The assignment operator `<-`

is further explained in section 3.1 below.

The hash `#`

indicates comment, which is not processed.

## 1.2 What is RStudio?

Most users will use R in combination with the program RStudio (https://www.rstudio.com). RStudio can be regarded as a wrapper around R, actively assisting you with many housekeeping tasks. (For users familiar with SPSS, this is somewhat similar to the SPSS graphical user interface wrapped around the SPSS “engine”). After opening, RStudio displays three or four panels or panes, with multiple tabs (in bold) within each pane.
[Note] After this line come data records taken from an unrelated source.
Lemma colorable_omega (S : {set T}) : colorable e S (omega e S).
Proof.
have [n] := ubnP #|S|; elim: n S => // n IH S; rewrite ltnS => Sn.
have [/existsP [X /and3P [XS X0 cutX]] | conn] :=
  boolP [exists X : {set T}, [&& X \proper S, X != set0 & cut_off S X]].
  apply: (colorable_cut_off (proper_sub XS) cutX).
    apply: colorableW (subset_leq_omega (proper_sub XS)) (IH X _).
    exact: leq_trans (proper_card XS) Sn.
  apply: colorableW (subset_leq_omega (subsetDl S X)) (IH _ _).
  apply: leq_trans Sn; rewrite cardsDS ?(proper_sub XS) // ltn_subrL.
  by rewrite card_gt0 X0 (leq_ltn_trans (leq0n _) (proper_card XS)).
have [-> | [x0 x0S]] := set_0Vmem S.
  by apply/existsP; exists [ffun=> ord0]; apply/andP; split; apply/forall_inP => x; rewrite inE.
have [u uS umax] := @arg_maxnP T x0 (fun w => w \in S) (fun w => #|nbhd w :&: S|) x0S.
have connS (X : {set T}) : X \proper S -> X != set0 -> ~~ cut_off S X.
  by move=> XS X0; apply: contra conn => cutX; apply/existsP; exists X; rewrite XS X0.
have univ := max_degree_universal umax uS connS.
have ltS : #|S :\ u| < n by rewrite (leq_trans _ Sn) // [#|S|](cardsD1 u) uS.
apply: colorableW (omega_setD1_universal uS univ) _.
exact: colorable_setD1 (omega_leq_card _) (IH _ ltS).
Qed.

End TriviallyPerfect.

Lemma perfect_of_P4_C4_free :
  ~ induced_in e P4 [set: T] -> ~ induced_in e C4 [set: T] -> perfect e.
Proof. by move=> noP4 noC4 S; apply/chi_omega/colorable_omega. Qed.
(* Consider the algorithm described in the context. Suppose: (i) $\|\hat H_k\|\leq\kappa_H$ for all $k$, some $\kappa_H\geq1$; (ii) $f$ is bounded below by $f_{\mathrm{low}}$, twice continuously differentiable with $L_H$-Lipschitz Hessian, and $\|\nabla^2 f(\mathbf{x}_k)\|\leq M$ for all $k$; (iii) every step satisfies $\hat{m}_k(\mathbf{0}) - \hat{m}_k(\hat{\mathbf{s}}_k) \geq \kappa_s \max\left(\|\hat{\mathbf{g}}_k\| \min\left(\Delta_k, \frac{\|\hat{\mathbf{g}}_k\|}{\max(\|\hat{H}_k\|,1)}\right), \hat{\tau}^m_k\Delta_k^2\right)$ for some $\kappa_s>0$. Let $\epsilon>0$ with $\theta := (1-\alpha)^2 - \frac{4M(r-1)\alpha^2}{\epsilon(1-\alpha)^2}>0$, and let $K\geq0$. If $\sigma_k\geq\epsilon$ for all $k\leq K$, then $$\#(\mathcal{D}(\gamma_{\mathrm{dec}}^{-1}\Delta)\cap\mathcal{U})\leq c_3\cdot\#(\mathcal{D}(\gamma_{\mathrm{inc}}^{-1}\Delta)\cap\mathcal{S})+c_4(\Delta)\quad\text{for all }\Delta\leq\Delta_0,$$ and $$\#(\mathcal{D}^C(\gamma_{\mathrm{inc}}^{-1}\Delta)\cap\mathcal{S})\leq c_3^{-1}\cdot\#(\mathcal{D}^C(\gamma_{\mathrm{dec}}^{-1}\Delta)\cap\mathcal{U})\quad\text{for all }\Delta\leq\min(\Delta_0,\gamma_{\mathrm{inc}}^{-1}\Delta_{\max}),$$ where $c_3:=\frac{\log(\gamma_{\mathrm{inc}})}{\log(\gamma_{\mathrm{dec}}^{-1})}$ and $c_4(\Delta):=\frac{\log(\Delta_0/\Delta)}{\log(\gamma_{\mathrm{dec}}^{-1})}$.
   Context: Algorithm: Let $f:\mathbb{R}^n\to\mathbb{R}$. Fix $\mathbf{x}_0$, $p\in\{1,\ldots,n\}$, $0<\Delta_0\leq\Delta_{\max}$, $0<\gamma_{\mathrm{dec}}<1<\gamma_{\mathrm{inc}}$, $\eta\in(0,1)$, $\mu>0$. For $k=0,1,\ldots$: select a random $P_k\in\mathbb{R}^{n\times p}$; build $\hat m_k(\hat{\mathbf{s}})=f(\mathbf{x}_k)+\hat{\mathbf{g}}_k^T\hat{\mathbf{s}}+\frac12\hat{\mathbf{s}}^T\hat H_k\hat{\mathbf{s}}$ ($\hat H_k$ symmetric) which is $P_k$-fully quadratic: constants $\kappa_{\mathrm{ef}},\kappa_{\mathrm{eg}},\kappa_{\mathrm{eh}}>0$ independent of $k$ with $|f(\mathbf{x}_k+P_k\hat{\mathbf{s}})-\hat m_k(\hat{\mathbf{s}})|\leq\kappa_{\mathrm{ef}}\Delta_k^3$, $\|P_k^T\nabla f(\mathbf{x}_k+P_k\hat{\mathbf{s}})-\nabla\hat m_k(\hat{\mathbf{s}})\|\leq\kappa_{\mathrm{eg}}\Delta_k^2$, $\|P_k^T\nabla^2 f(\mathbf{x}_k+P_k\hat{\mathbf{s}})P_k-\hat H_k\|\leq\kappa_{\mathrm{eh}}\Delta_k$ for all $\|\hat{\mathbf{s}}\|\leq\Delta_k$; compute a step $\hat{\mathbf{s}}_k$ with $\|\hat{\mathbf{s}}_k\|\leq\Delta_k$; let $R_k:=\frac{f(\mathbf{x}_k)-f(\mathbf{x}_k+P_k\hat{\mathbf{s}}_k)}{\hat m_k(\mathbf{0})-\hat m_k(\hat{\mathbf{s}}_k)}$, $\hat\tau^m_k:=\max(-\lambda_{\min}(\hat H_k),0)$, $\hat\sigma^m_k:=\max(\|\hat{\mathbf{g}}_k\|,\hat\tau^m_k)$; if $R_k\geq\eta$ and $\hat\sigma^m_k\geq\mu\Delta_k$ the iteration is successful: $\mathbf{x}_{k+1}=\mathbf{x}_k+P_k\hat{\mathbf{s}}_k$, $\Delta_{k+1}=\min(\gamma_{\mathrm{inc}}\Delta_k,\Delta_{\max})$; otherwise unsuccessful: $\mathbf{x}_{k+1}=\mathbf{x}_k$, $\Delta_{k+1}=\gamma_{\mathrm{dec}}\Delta_k$. Criticality: $\sigma_k:=\max(\|\nabla f(\mathbf{x}_k)\|,\max(-\lambda_{\min}(\nabla^2 f(\mathbf{x}_k)),0))$. $\alpha\in(0,1)$ is the well-alignment parameter (a matrix $P_k$ is well-aligned if $\|P_k\|\leq P_{\max}$, $\|P_k^T\nabla f(\mathbf{x}_k)\|\geq(1-\alpha)\|\nabla f(\mathbf{x}_k)\|$, $\|\hat{\mathbf{v}}_r\|\geq1-\alpha$, $(\hat{\mathbf{v}}_i^T\hat{\mathbf{v}}_r)^2\leq4\alpha^2$ for $i<r$, where $\nabla^2 f(\mathbf{x}_k)=\sum_{i=1}^r\lambda_i\mathbf{v}_i\mathbf{v}_i^T$ with $\lambda_1\geq\cdots\geq\lambda_r$, $r=\operatorname{rank}(\nabla^2 f(\mathbf{x}_k))$, orthonormal $\mathbf{v}_i$, and $\hat{\mathbf{v}}_i=P_k^T\mathbf{v}_i$); $r$ in $\theta$ is this rank. Index sets, for fixed $K$: $\mathcal{S}$ (resp. $\mathcal{U}$) = successful (resp. unsuccessful) iterations in $\{0,\ldots,K\}$; $\mathcal{D}(\Delta)$ (resp. $\mathcal{D}^C(\Delta)$) = iterations in $\{0,\ldots,K\}$ with $\Delta_k\geq\Delta$ (resp. $\Delta_k<\Delta$); $\#$ denotes cardinality. *)

From HB Require Import structures.
From mathcomp Require Import all_boot all_order all_algebra.
From mathcomp Require Import all_classical all_reals all_analysis.
Set Implicit Arguments. Unset Strict Implicit. Unset Printing Implicit Defensive.
Import Order.TTheory GRing.Theory Num.Theory.
Import numFieldNormedType.Exports.
Local Open Scope classical_set_scope.
Local Open Scope ring_scope.

Section Defs.
Variable R : realType.

Definition enorm m (v : 'cV[R]_m) : R := Num.sqrt (\sum_i (v i 0) ^+ 2).

Definition opnorm m n (A : 'M[R]_(m, n)) : R :=
  sup [set enorm (A *m v) | v in [set v : 'cV[R]_n | enorm v <= 1]].

Definition lambda_min n (A : 'M[R]_n) : R := inf [set a : R | eigenvalue A a].

Definition evec n (i : 'I_n) : 'cV[R]_n := delta_mx i 0.

Definition partial n (i : 'I_n) (f : 'cV[R]_n -> R) : 'cV[R]_n -> R :=
  fun x => derive f x (evec i).
Definition grad n (f : 'cV[R]_n -> R) (x : 'cV[R]_n) : 'cV[R]_n :=
  \col_i partial i f x.
Definition hess n (f : 'cV[R]_n -> R) (x : 'cV[R]_n) : 'M[R]_n :=
  \matrix_(i, j) partial i (partial j f) x.

Definition twice_cont_diff n (f : 'cV[R]_n -> R) : Prop :=
  (forall x, differentiable f x) /\
  (forall (j : 'I_n) x, differentiable (partial j f) x) /\
  (forall (i j : 'I_n), continuous (partial i (partial j f))).

Definition hess_lipschitz n (f : 'cV[R]_n -> R) (L : R) : Prop :=
  forall x y, opnorm (hess f x - hess f y) <= L * enorm (x - y).

Definition crit n (f : 'cV[R]_n -> R) (x : 'cV[R]_n) : R :=
  Num.max (enorm (grad f x)) (Num.max (- lambda_min (hess f x)) 0).

Definition qmodel p (fx : R) (g : 'cV[R]_p) (H : 'M[R]_p) (s : 'cV[R]_p) : R :=
  fx + (g^T *m s) 0 0 + 2^-1 * (s^T *m H *m s) 0 0.

Definition tau_m p (H : 'M[R]_p) : R := Num.max (- lambda_min H) 0.
Definition sigma_m p (g : 'cV[R]_p) (H : 'M[R]_p) : R :=
  Num.max (enorm g) (tau_m H).

Definition ratio n p (f : 'cV[R]_n -> R) (x : 'cV[R]_n) (P : 'M[R]_(n, p))
  (g : 'cV[R]_p) (H : 'M[R]_p) (s : 'cV[R]_p) : R :=
  (f x - f (x + P *m s)) / (qmodel (f x) g H 0 - qmodel (f x) g H s).

Definition successful n p (f : 'cV[R]_n -> R) (eta mu : R) (x : 'cV[R]_n)
  (P : 'M[R]_(n, p)) (g : 'cV[R]_p) (H : 'M[R]_p) (s : 'cV[R]_p) (Delta : R)
  : bool :=
  (eta <= ratio f x P g H s) && (mu * Delta <= sigma_m g H).

End Defs.

(** Above a threshold [D], the
    quantity [max(Delta_k, D)] is multiplied by at most [ginc] at the
    successful iterations with [Delta_k >= D / ginc], by [gdec] at the
    unsuccessful ones with [Delta_k >= D / gdec], and does not increase
    otherwise; as it starts at [Delta0] and never drops below [D], we get
    [D <= Delta0 ginc^s gdec^u], and taking logarithms gives the first bound.
    Dually, [min(Delta_k, D)] is multiplied by at least [ginc] resp. [gdec] at
    the iterations below the thresholds (the cap [Deltamax >= D] does not
    interfere); it starts at [D] and never exceeds [D], whence
    [ginc^s gdec^u <= 1]. *)
From HB Require Import structures.
From mathcomp Require Import all_boot all_order all_algebra.
From mathcomp Require Import all_classical all_reals all_analysis.
From mathcomp Require Import lra.
Set Implicit Arguments. Unset Strict Implicit. Unset Printing Implicit Defensive.
Import Order.TTheory GRing.Theory Num.Theory.
Import numFieldNormedType.Exports.
Local Open Scope classical_set_scope.
Local Open Scope ring_scope.

Lemma ler_prod_telescope (R : numDomainType) (u a : nat -> R) :
  (forall k, 0 <= a k) -> (forall k, u k.+1 <= u k * a k) ->
  forall N, u N <= u 0%N * \prod_(0 <= k < N) a k.
Proof.
move=> a_ge0 step; elim=> [|N IH]; first by rewrite big_geq ?mulr1.
rewrite big_nat_recr //= mulrA.
exact: le_trans (step N) (ler_wpM2r (a_ge0 N) IH).
Qed.

Lemma ger_prod_telescope (R : numDomainType) (u a : nat -> R) :
  (forall k, 0 <= a k) -> (forall k, u k * a k <= u k.+1) ->
  forall N, u 0%N * \prod_(0 <= k < N) a k <= u N.
Proof.
move=> a_ge0 step; elim=> [|N IH]; first by rewrite big_geq ?mulr1.
rewrite big_nat_recr //= mulrA.
exact: le_trans (ler_wpM2r (a_ge0 N) IH) (step N).
Qed.

Lemma prod_exprb_card (R : pzSemiRingType) (c : R) N (P : nat -> bool) :
  \prod_(0 <= k < N) c ^+ P k = c ^+ #|[set k : 'I_N | P k]|.
Proof.
rewrite big_mkord prodrXr -sum1_card; congr (c ^+ _).
rewrite [RHS]big_mkcond; apply: eq_bigr => k _.
by rewrite unfold_in asboolb; case: (P k).
Qed.

Lemma max_scale_le (R : realFieldType) (c d D : R) : 0 < c ->
  Num.max (c * d) D <= Num.max d D * c ^+ (c^-1 * D <= d)%R.
Proof.
move=> c_gt0; rewrite ler_pdivrMl //; case: (leP D (c * d)) => [D_le | lt_D] /=.
- by rewrite expr1 [c * d]mulrC ler_pM2r // le_max lexx.
- by rewrite expr0 mulr1 le_max lexx orbT.
Qed.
The left panel, or lower left panel, has a tab named **Console** which importantly contains the current R session. You can input R commands there (try typing `date()`

and press Enter) and see the output (warning and error messages are displayed in red).

In the top right panel, the tab **Environment** lists all objects in the workspace (see explanation below), and the tab **History** lists your previously entered R commands.

In the bottom right panel, the tab **Files** shows files in your current folder or directory, **Plots** contains plots produced by R/RStudio, and **Help** gives you access to help information.

You could work your way through most of this booklet using only the **Console** tab of RStudio, but most users find R+RStudio far easier to work with than R by itself.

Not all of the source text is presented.